做的是个O(n²)的解，就是从每个起点都算一遍最大利益，算的时候剔除掉从当前位置算起的最后一个。
虽然是0 ms，但是觉得应该又线性解法，一直试图从起点找一个线性的解但是没成功，郁闷。
看到讨论区有个帖子的思路，只要比较去头跟去尾的情况即可，重新写了一个线性的，确实如此。

再看了一遍，这个思路也就是比较从第一个开始，和从第二个开始的结果，
这点之前曾经想到过，但是觉得可能有遗漏，就没细想了，感觉缺少丛数学上的证明，擦……

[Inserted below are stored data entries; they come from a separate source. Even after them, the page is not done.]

(** The u-lines (v = const) are lines of curvature on the part [D] of the surface
    [Z] with unit normal [N]: at each point, Z_u is a principal direction, i.e.
    an eigenvector of the shape operator (Rodrigues: N_u = k Z_u for some k). *)
Definition u_lines_principal (Z N : R -> R -> vec) (D : R -> R -> Prop) : Prop :=
  forall u v, D u v -> exists k : R, d_u N u v = vscal k (d_u Z u v).
Definition v_lines_principal (Z N : R -> R -> vec) (D : R -> R -> Prop) : Prop :=
  forall u v, D u v -> exists k : R, d_v N u v = vscal k (d_v Z u v).

(** The u-lines, parametrized by u, are geodesics: their acceleration Z_uu
    is normal to the surface at every point of [D]. *)
Definition u_lines_geodesic (Z N : R -> R -> vec) (D : R -> R -> Prop) : Prop :=
  forall u v, D u v -> exists c : R, d_u (d_u Z) u v = vscal c (N u v).

(* Differentiating the frame (e1, e2, t) of the surface: the normals e1, e2 are
   torse-forming (e1' = -kappa cos(theta) t, e2' = kappa sin(theta) t), so
   Z_v and l_v are both multiples of t, which makes the v-lines principal.
   Along a u-line v is fixed, so Z_u = lambda' e1 + mu' e2 and
   l_u, Z_uu are obtained by differentiating the plane curve (lambda, mu)
   alone; the Frenet equations of a unit-speed plane curve,
   (lambda'', mu'') = k1 (-mu', lambda'), give l_u = -k1 Z_u and Z_uu = k1 l. *)
From Stdlib Require Import Reals Lra.
From Coquelicot Require Import Coquelicot.
Open Scope R_scope.

(* Coquelicot states these rules with [plus], [scal] and [opp] of a normed
   module, which do not unify with the operators of R; these are the R forms. *)
Lemma is_derive_Rplus (f g : R -> R) (x df dg : R) :
  is_derive f x df -> is_derive g x dg -> is_derive (fun r => f r + g r) x (df + dg).
Proof. intros Hf Hg. exact (is_derive_plus f g x df dg Hf Hg). Qed.

Lemma is_derive_Rmult (f g : R -> R) (x df dg : R) :
  is_derive f x df -> is_derive g x dg ->
  is_derive (fun r => f r * g r) x (df * g x + f x * dg).
Proof. intros Hf Hg. exact (is_derive_mult f g x df dg Hf Hg Rmult_comm). Qed.

Lemma is_derive_Ropp (f : R -> R) (x df : R) :
  is_derive f x df -> is_derive (fun r => - f r) x (- df).
Proof. intros Hf. exact (is_derive_opp f x df Hf). Qed.

Lemma is_derive_Rconst (c x : R) : is_derive (fun _ => c) x 0.
Proof. exact (is_derive_const c x). Qed.

Lemma is_derive_Rcomp (f g : R -> R) (x df dg : R) :
  is_derive f (g x) df -> is_derive g x dg -> is_derive (fun r => f (g r)) x (dg * df).
Proof. intros Hf Hg. exact (is_derive_comp f g x df dg Hf Hg). Qed.

Ltac vec_ring :=
  unfold vadd, vscal, vmk, vx, vy, vz; cbn [fst snd]; f_equal; [f_equal|]; ring.

Lemma vscal_assoc (a c : R) (w : vec) : vscal a (vscal c w) = vscal (a * c) w.
Proof. vec_ring. Qed.

Lemma vscal_proportional (a c : R) (w : vec) :
  c <> 0 -> vscal a w = vscal (a / c) (vscal c w).
Proof. intros Hc. rewrite vscal_assoc. f_equal. field. exact Hc. Qed.

Lemma has_vderive_plus (f g : R -> vec) (s : R) (df dg : vec) :
  has_vderive f s df -> has_vderive g s dg ->
  has_vderive (fun r => vadd (f r) (g r)) s (vadd df dg).
Proof.
  intros [A [B C]] [A' [B' C']]; split; [|split]; apply is_derive_Rplus; assumption.
Qed.
(* Let $Y=\ell_1^N$ (real or complex) and let $m$ be a positive integer. For $j_1,\dots,j_m\in\{1,\dots,N\}$ (not necessarily distinct) define the $m$-homogeneous polynomial $$Q_{j_1,\dots,j_m}(x)=\prod_{k=1}^m e^*_{j_k}(x)+\Big[\sum_{j\in\{j_1,\dots,j_m\}}e^*_j(x)\Big]^m,$$ where the sum runs over the set $\{j_1,\dots,j_m\}$ (each distinct index once). Then $x\in B_Y$ satisfies $|Q_{j_1,\dots,j_m}(x)|=\|Q_{j_1,\dots,j_m}\|$ if and only if $x=\frac{c}{m}\sum_{k=1}^me_{j_k}$ for some scalar $c$ with $|c|=1$. Consequently $Q_{j_1,\dots,j_m}$ strongly attains its norm at $\frac1m\sum_{k=1}^me_{j_k}$.
   Context: $\{e_j\}$ is the canonical basis of $\ell_1^N$ and $\{e_j^*\}$ the coordinate functionals. The norm of a polynomial $P$ is $\|P\|=\sup_{x\in B_Y}|P(x)|$. A nonzero $P$ strongly attains its norm at $x\in B_Y$ if for every sequence $\{x_n\}\subset B_Y$ with $|P(x_n)|\to\|P\|$ there are a scalar $\lambda$ with $|\lambda|=1$ and a subsequence of $\{x_n\}$ converging to $\lambda x$. *)

From Stdlib Require Import Reals Lra List Arith.
Open Scope R_scope.

Definition Cx : Type := (R * R)%type.
Definition Czero : Cx := (0, 0).
Definition Cone : Cx := (1, 0).
Definition RtoC (r : R) : Cx := (r, 0).
Definition Cadd (z w : Cx) : Cx := (fst z + fst w, snd z + snd w).
Definition Cmul (z w : Cx) : Cx :=
  (fst z * fst w - snd z * snd w, fst z * snd w + snd z * fst w).
Definition Csub (z w : Cx) : Cx := (fst z - fst w, snd z - snd w).
Fixpoint Cpow (z : Cx) (n : nat) : Cx :=
  match n with O => Cone | S n' => Cmul z (Cpow z n') end.
Definition Cmod (z : Cx) : R := sqrt (fst z * fst z + snd z * snd z).

(* Scalar field selector: [is_real = true] means the real case (K = R),
   [is_real = false] means the complex case (K = Cx). *)
Definition scalar (is_real : bool) (z : Cx) : Prop :=
  if is_real then snd z = 0 else True.

Definition vec : Type := nat -> Cx.

Definition inY (is_real : bool) (N : nat) (x : vec) : Prop :=
  (forall j, scalar is_real (x j)) /\ (forall j, (N <= j)%nat -> x j = Czero).

Fixpoint sumR (n : nat) (f : nat -> R) : R :=
  match n with O => 0 | S n' => sumR n' f + f n' end.

Definition l1norm (N : nat) (x : vec) : R := sumR N (fun j => Cmod (x j)).

Definition inB (is_real : bool) (N : nat) (x : vec) : Prop :=
  inY is_real N x /\ l1norm N x <= 1.

Definition vscale (c : Cx) (x : vec) : vec := fun j => Cmul c (x j).
Definition vsub (x y : vec) : vec := fun j => Csub (x j) (y j).

Definition pnorm_is (is_real : bool) (N : nat) (P : vec -> Cx) (r : R) : Prop :=
  is_lub (fun t => exists y, inB is_real N y /\ t = Cmod (P y)) r.

Definition strongly_attains (is_real : bool) (N : nat) (P : vec -> Cx) (x : vec) : Prop :=
  (exists y, inY is_real N y /\ P y <> Czero) /\
  inB is_real N x /\
  forall r, pnorm_is is_real N P r ->
  forall xs : nat -> vec,
    (forall n, inB is_real N (xs n)) ->
    Un_cv (fun n => Cmod (P (xs n))) r ->
    exists lam : Cx, scalar is_real lam /\ Cmod lam = 1 /\
    exists phi : nat -> nat, (forall n, (phi n < phi (S n))%nat) /\
      Un_cv (fun n => l1norm N (vsub (xs (phi n)) (vscale lam x))) 0.

(* e_j^*(x) = x j ;  js = [j_1; ...; j_m] (0-based indices) *)
Definition Cprod_list (l : list Cx) : Cx := fold_right Cmul Cone l.
Definition Csum_list (l : list Cx) : Cx := fold_right Cadd Czero l.

Definition Q (js : list nat) (x : vec) : Cx :=
  Cadd (Cprod_list (map x js))
       (Cpow (Csum_list (map x (nodup Nat.eq_dec js))) (length js)).

(* (c/m) * sum_k e_{j_k} : coordinate i equals c * (#{k | j_k = i}) / m *)
Definition target (js : list nat) (c : Cx) : vec :=
  fun i => Cmul c (RtoC (INR (count_occ Nat.eq_dec js i) / INR (length js))).

(* Write w_i = (multiplicity of i in j_1..j_m)/m and Pstar = prod_k w_{j_k}.
   - A weighted AM-GM inequality, proved from the tangent bound u <= w e^(u/w - 1),
     gives prod_k |x_{j_k}| <= Pstar whenever sum_{i distinct} |x_i| <= 1, with
     equality only for |x_i| = w_i.  Hence ||Q|| = 1 + Pstar, attained at the target.
   - At a norming point both terms are extremal: |sum_i x_i| = 1 and |x_i| = w_i.
     Then x vanishes off {j_k} (the l1 norm is exhausted), and the equality case of
     the triangle inequality aligns all x_i with one phase c.
   - Strong attainment: B_Y is sequentially compact coordinatewise (Bolzano-Weierstrass)
     and Q is continuous, so a maximizing sequence has a subsequence converging to a
     norming point, i.e. to c times the target. *)
From Stdlib Require Import Reals Lra Lia Psatz List Arith Rtopology ClassicalEpsilon FunctionalExtensionality.
Open Scope R_scope.

(** * Complex scalars *)

Lemma Cx_eq (z w : Cx) : fst z = fst w -> snd z = snd w -> z = w.
Proof. destruct z, w; simpl; intros; subst; reflexivity. Qed.

Lemma Cring_th :
  ring_theory Czero Cone Cadd Cmul Csub (fun z => (- fst z, - snd z)) (@eq Cx).
Proof.
  constructor; intros; apply Cx_eq; unfold Cadd, Cmul, Csub, Czero, Cone; simpl; ring.
Qed.
Add Ring Cring : Cring_th.

Definition Cconj (z : Cx) : Cx := (fst z, - snd z).

Lemma Cmod_ge0 z : 0 <= Cmod z.
Proof. apply sqrt_pos. Qed.

Lemma Cmod_sq z : Cmod z * Cmod z = fst z * fst z + snd z * snd z.
Proof. unfold Cmod. apply sqrt_sqrt. nra. Qed.

Lemma Cmod_mul z w : Cmod (Cmul z w) = Cmod z * Cmod w.
Proof. unfold Cmod, Cmul; simpl. rewrite <- sqrt_mult_alt by nra. f_equal. ring. Qed.

Lemma Cmod_RtoC r : Cmod (RtoC r) = Rabs r.
Proof. unfold Cmod, RtoC; simpl. rewrite <- sqrt_Rsqr_abs. unfold Rsqr. f_equal; ring. Qed.

Lemma Cmod_Cone : Cmod Cone = 1.
Proof. rewrite <- (Rabs_R1), <- Cmod_RtoC. reflexivity. Qed.

Lemma Cmod_pow z n : Cmod (Cpow z n) = Cmod z ^ n.
Proof. induction n; simpl; [apply Cmod_Cone | rewrite Cmod_mul, IHn; ring]. Qed.

Lemma Cmod_Cconj z : Cmod (Cconj z) = Cmod z.
Proof. unfold Cmod, Cconj; simpl. f_equal; ring. Qed.
(* The following are equivalent for an integral domain $D$: (1) for every nonzero nonunit $x$ of $D$, $xD$ is a $\ast$-product of finitely many $\ast$-super homog ideals of type $1$; (2) $D$ is a $\ast$-GKD.
   Context: $\ast$ is a star operation on $D$ of finite character. A $\ast$-ideal is a nonzero fractional ideal $I$ with $I^\ast=I$; of finite type if $I=J^\ast$ for some nonzero finitely generated $J$. A maximal $\ast$-ideal is an integral $\ast$-ideal maximal among proper integral $\ast$-ideals. $I$ is $\ast$-invertible if $(II^{-1})^\ast=D$. A $\ast$-homog ideal is a proper integral $\ast$-ideal $I$ of finite type such that $(A+B)^\ast\neq D$ for every pair $A,B$ of proper integral $\ast$-ideals of finite type containing $I$; it lies in a unique maximal $\ast$-ideal $M(I)$. A $\ast$-homog ideal $I$ is of type $1$ if for every $x\in M(I)\setminus\{0\}$ there is $n\ge1$ with $x^nD_{M(I)}\cap D\subseteq I$. A $\ast$-super homog ideal is a $\ast$-homog ideal $I$ such that every $\ast$-ideal of finite type containing $I$ is $\ast$-invertible; it is of type $1$ if it is also a $\ast$-homog ideal of type $1$. $D$ is a $\ast$-IRKT if $D_P$ is a valuation domain for every maximal $\ast$-ideal $P$, $D=\bigcap_P D_P$ over the maximal $\ast$-ideals with the intersection locally finite, and no two distinct maximal $\ast$-ideals contain a common nonzero prime ideal. $D$ is a $\ast$-GKD if it is a $\ast$-IRKT all of whose maximal $\ast$-ideals have height $1$. *)

(* An integral domain D is represented as a subring of a
   field K which is its field of fractions; fractional ideals are subsets
   (K -> Prop) of K. *)
From HB Require Import structures.
From mathcomp Require Import all_boot all_order all_algebra.
Set Implicit Arguments.
Unset Strict Implicit.
Unset Printing Implicit Defensive.
Import Order.TTheory GRing.Theory Num.Theory.
Local Open Scope ring_scope.

Section StarDefs.
Variable K : fieldType.
Variable D : K -> Prop.

Definition subset_K (A B : K -> Prop) : Prop := forall x, A x -> B x.

Definition is_subring : Prop :=
  [/\ D 0, D 1, (forall a b, D a -> D b -> D (a - b))
    & (forall a b, D a -> D b -> D (a * b))].

Definition is_frac_field : Prop :=
  forall x : K, exists a b, [/\ D a, D b, b != 0 & x = a / b].

Definition is_Dsubmodule (I : K -> Prop) : Prop :=
  [/\ I 0, (forall x y, I x -> I y -> I (x + y))
    & (forall a x, D a -> I x -> I (a * x))].

Definition frac_ideal (I : K -> Prop) : Prop :=
  [/\ is_Dsubmodule I, (exists x, x != 0 /\ I x)
    & (exists d, [/\ D d, d != 0 & forall x, I x -> D (d * x)])].

Fixpoint gen (s : seq K) (x : K) : Prop :=
  match s with
  | [::] => x = 0
  | a :: s' => exists d y, [/\ D d, gen s' y & x = d * a + y]
  end.

Definition fin_gen (I : K -> Prop) : Prop := exists s : seq K, I = gen s.

Definition mulset (x : K) (I : K -> Prop) : K -> Prop :=
  fun y => exists z, I z /\ y = x * z.

Definition principal (x : K) : K -> Prop := fun y => exists d, D d /\ y = d * x.

Definition sumI (A B : K -> Prop) : K -> Prop :=
  fun x => exists a b, [/\ A a, B b & x = a + b].
Definition split_point (p : G) (r : R) : G :=
  epsilon (inhabits p) (fun a => P a /\ 0 < d p a < r).

Lemma split_pointP p r : P p -> 0 < r -> P (split_point p r) /\ 0 < d p (split_point p r) < r.
Proof.
  intros Hp Hr. apply (epsilon_spec (inhabits p) (fun a => P a /\ 0 < d p a < r)).
  exact (not_isolated_near d d_metric P p r P_not_isolated Hp Hr).
Qed.

Record refinement := Refinement { ref_shift : G; ref_slack : R; ref_radius : R }.

Definition good_refinement (n : nat) (q g : G) (delta : R) (t : refinement) : Prop :=
  0 < ref_slack t /\ 0 < ref_radius t /\ shrinks d g delta (ref_shift t) (ref_slack t) /\
  balls_sum_in G d (U n) (ref_shift t) (ref_slack t) q (ref_radius t).

Definition refine (n : nat) (q g : G) (delta : R) : refinement :=
  epsilon (inhabits (Refinement g delta delta)) (good_refinement n q g delta).

Lemma refineP n q g delta : 0 < delta -> good_refinement n q g delta (refine n q g delta).
Proof.
  intro Hdelta. unfold refine. apply epsilon_spec.
  destruct (U_open_dense n) as [HO HD].
  destruct (translate_into_open_dense G d d_metric (U n) q g delta add_cont HO HD Hdelta)
    as [g1 [delta1 [r1 H]]].
  exists (Refinement g1 delta1 r1). exact H.
Qed.

(* A stage records the node of the tree created at that stage (its depth,
   centre and radius) and the translation ball current after that stage. *)
Record stage := Stage { level : nat; center : G; radius : R; shift : G; slack : R }.

Definition valid (s : stage) : Prop := P (center s) /\ 0 < radius s /\ 0 < slack s.

(* The split point is within a quarter of the parent radius, so both children
   stay inside the parent ball; radii below [d c a / 3] keep them disjoint. *)
Definition child (par prev : stage) (b : bool) : stage :=
  let c := center par in
  let a := split_point c (radius par / 4) in
  let q := if b then a else c in
  let t := refine (level par) q (shift prev) (slack prev) in
  Stage (S (level par)) q (Rmin (ref_radius t) (d c a / 3)) (ref_shift t) (ref_slack t).

Lemma child_spec par prev b : valid par -> valid prev ->
  let s := child par prev b in
  valid s /\ level s = S (level par) /\
  shrinks d (center par) (radius par) (center s) (radius s) /\
  shrinks d (shift prev) (slack prev) (shift s) (slack s) /\
  balls_sum_in G d (U (level par)) (shift s) (slack s) (center s) (radius s).
Proof.
  intros [Pc [Hr _]] [_ [_ Hdelta]]. unfold child. cbv zeta.
  set (c := center par). set (a := split_point c (radius par / 4)).
  destruct (split_pointP c (radius par / 4) Pc) as [Pa [Ha1 Ha2]]; [lra|]. fold a in Pa, Ha1, Ha2.
  set (t := refine _ _ _ _).
  destruct (refineP (level par) (if b then a else c) (shift prev) (slack prev) Hdelta)
    as [Ht1 [Ht2 [[Ht3 Ht3'] Ht4]]]. fold t in Ht1, Ht2, Ht3, Ht3', Ht4.
  pose proof (Rmin_l (ref_radius t) (d c a / 3)). pose proof (Rmin_r (ref_radius t) (d c a / 3)).
  cbn [level center radius shift slack]. unfold valid, shrinks.
  cbn [level center radius shift slack].
  repeat split; try lra.
  - destruct b; assumption.
  - apply Rmin_glb_lt; lra.
  - destruct b; cbv iota; [|rewrite (dist_refl d d_metric)]; lra.
  - intros g' q' Hg Hq. apply Ht4; lra.
Qed.

Lemma children_separated par prev prev' z : valid par ->
  d (center (child par prev false)) z <= radius (child par prev false) ->
  d (center (child par prev' true)) z <= radius (child par prev' true) -> False.
Proof.
  intros [Pc [Hr _]]. unfold child. cbn [center radius].
  set (c := center par). set (a := split_point c (radius par / 4)).
  destruct (split_pointP c (radius par / 4) Pc) as [_ [Ha _]]; [lra|]. fold a in Ha.
  intros Hc Ha'.
  pose proof (Rmin_r (ref_radius (refine (level par) c (shift prev) (slack prev))) (d c a / 3)).
  pose proof (Rmin_r (ref_radius (refine (level par) a (shift prev') (slack prev'))) (d c a / 3)).
  pose proof (dist_triangle d d_metric c z a). rewrite (dist_sym d d_metric z a) in *. lra.
Qed.

(* Breadth-first numbering of the binary tree: the root is stage [0], and the
   [b]-child of the node of stage [n] is created at stage [S (tree_code n b)]. *)
Definition tree_code (n : nat) (b : bool) : nat := (2 * n + Nat.b2n b)%nat.

Lemma tree_code_div2_odd n b : Nat.div2 (tree_code n b) = n /\ Nat.odd (tree_code n b) = b.
Proof.
  unfold tree_code. destruct b; cbn [Nat.b2n].
  - rewrite Nat.odd_odd, Nat.add_1_r, Nat.div2_succ_double. split; reflexivity.
  - rewrite Nat.add_0_r, Nat.odd_even, Nat.div2_double. split; reflexivity.
Qed.

Definition root : stage := Stage 0 p0 1 (gzero G) 1.

Definition stages : nat -> stage :=
  course_of_values root (fun n h => child (h (Nat.div2 n)) (h n) (Nat.odd n)).

Lemma stages_S n : stages (S n) = child (stages (Nat.div2 n)) (stages n) (Nat.odd n).
Proof.
  unfold stages. rewrite course_of_values_S; [reflexivity|]. intros h h' Hh.
  rewrite (Hh (Nat.div2 n)), (Hh n); [reflexivity | lia | apply Nat.le_div2_diag_l].
Qed.

Lemma stages_child n b : stages (S (tree_code n b)) = child (stages n) (stages (tree_code n b)) b.
Proof.
  destruct (tree_code_div2_odd n b) as [E1 E2]. rewrite stages_S, E1, E2. reflexivity.
Qed.

Lemma stages_valid n : valid (stages n).
Proof.
  induction n as [n IH] using (well_founded_induction Wf_nat.lt_wf).
  destruct n as [|n].
  - unfold valid. simpl. repeat split; [exact P_p0 | lra | lra].
  - rewrite stages_S. apply child_spec; apply IH; [|lia].
    pose proof (Nat.le_div2_diag_l n). lia.
Qed.

Lemma stages_child_spec n b :
  let s := stages (S (tree_code n b)) in
  level s = S (level (stages n)) /\
  shrinks d (center (stages n)) (radius (stages n)) (center s) (radius s) /\
  balls_sum_in G d (U (level (stages n))) (shift s) (slack s) (center s) (radius s).
Proof.
  cbv zeta. rewrite stages_child.
  destruct (child_spec (stages n) (stages (tree_code n b)) b) as [_ [H1 [H2 [_ H3]]]];
    try apply stages_valid.
  exact (conj H1 (conj H2 H3)).
Qed.

Lemma shift_limit : exists g, forall n, d (shift (stages n)) g <= slack (stages n).
Proof.
  destruct (shrinking_balls_limit d d_metric
             (fun n => shift (stages n)) (fun n => slack (stages n))) as [g [_ Hg]].
  - exact d_complete.
  - intro n. apply Rlt_le, stages_valid.
  - intro n. rewrite stages_S. apply child_spec; apply stages_valid.
  - exists g. exact Hg.
Qed.

Fixpoint branch (x : nat -> bool) (k : nat) : nat :=
  match k with O => O | S k => S (tree_code (branch x k) (x k)) end.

换句话说，是不是从任何两个相邻的点各算一次，比较结果都可以呢？
画了几个数字验证了一下确实是可行的。
仔细想想，因为构成最大结果的两个/多个数字，必然不相邻，
所以只要验证了相邻的两个数字为起点的两个情形，
肯定其中之一必然是包含最大结果的。（这算是数学证明么…）

class Solution {
public:
    int rob(vector<int>& nums) {
        int sz = nums.size();
       
        //---------------------- solution below is O(n) ----------------------
        if(sz)
        {
            vector<int> noFirst = nums;  //可以不必复制vector，用两个变量翻滚就可以了。
            for(int ii=1; ii<sz; ++ii)
            {
                int lastlast = ii>2 ? noFirst[ii-2] : 0;
                int last____ = ii>1 ? noFirst[ii-1] : 0;
                noFirst[ii] = max(lastlast + noFirst[ii], last____);
            }
   
            for(int ii=0; ii<sz-1; ++ii)
            {
                int lastlast = ii>1 ? nums[ii-2] : 0;
                int last____ = ii>0 ? nums[ii-1] : 0;
                nums[ii] = max(lastlast + nums[ii], last____);
            }
           
            return max(noFirst[sz-1], nums[sz-2]);
        }
        return 0;

        //------------- solution below is O(n^2), not the best. -------------
        if(sz==1)
            return nums[0];
        int rst=0;
        for(int ii=0; ii<sz; ++ii)
        {
            int vvv[sz]={0};
            vvv[1] = nums[ii];
           
            //DP calculation except the element last to ii
            for(int jj=2; jj<sz; ++jj)
            {
                int idx= ii+jj-1 - (ii+jj > sz)*sz;
                vvv[jj] = max(vvv[jj-2] + nums[idx], vvv[jj-1]);
            }
           
            if(rst < vvv[sz-1])
                rst = vvv[sz-1];
        }
        return rst;
    }
};
0 ms，0 ms.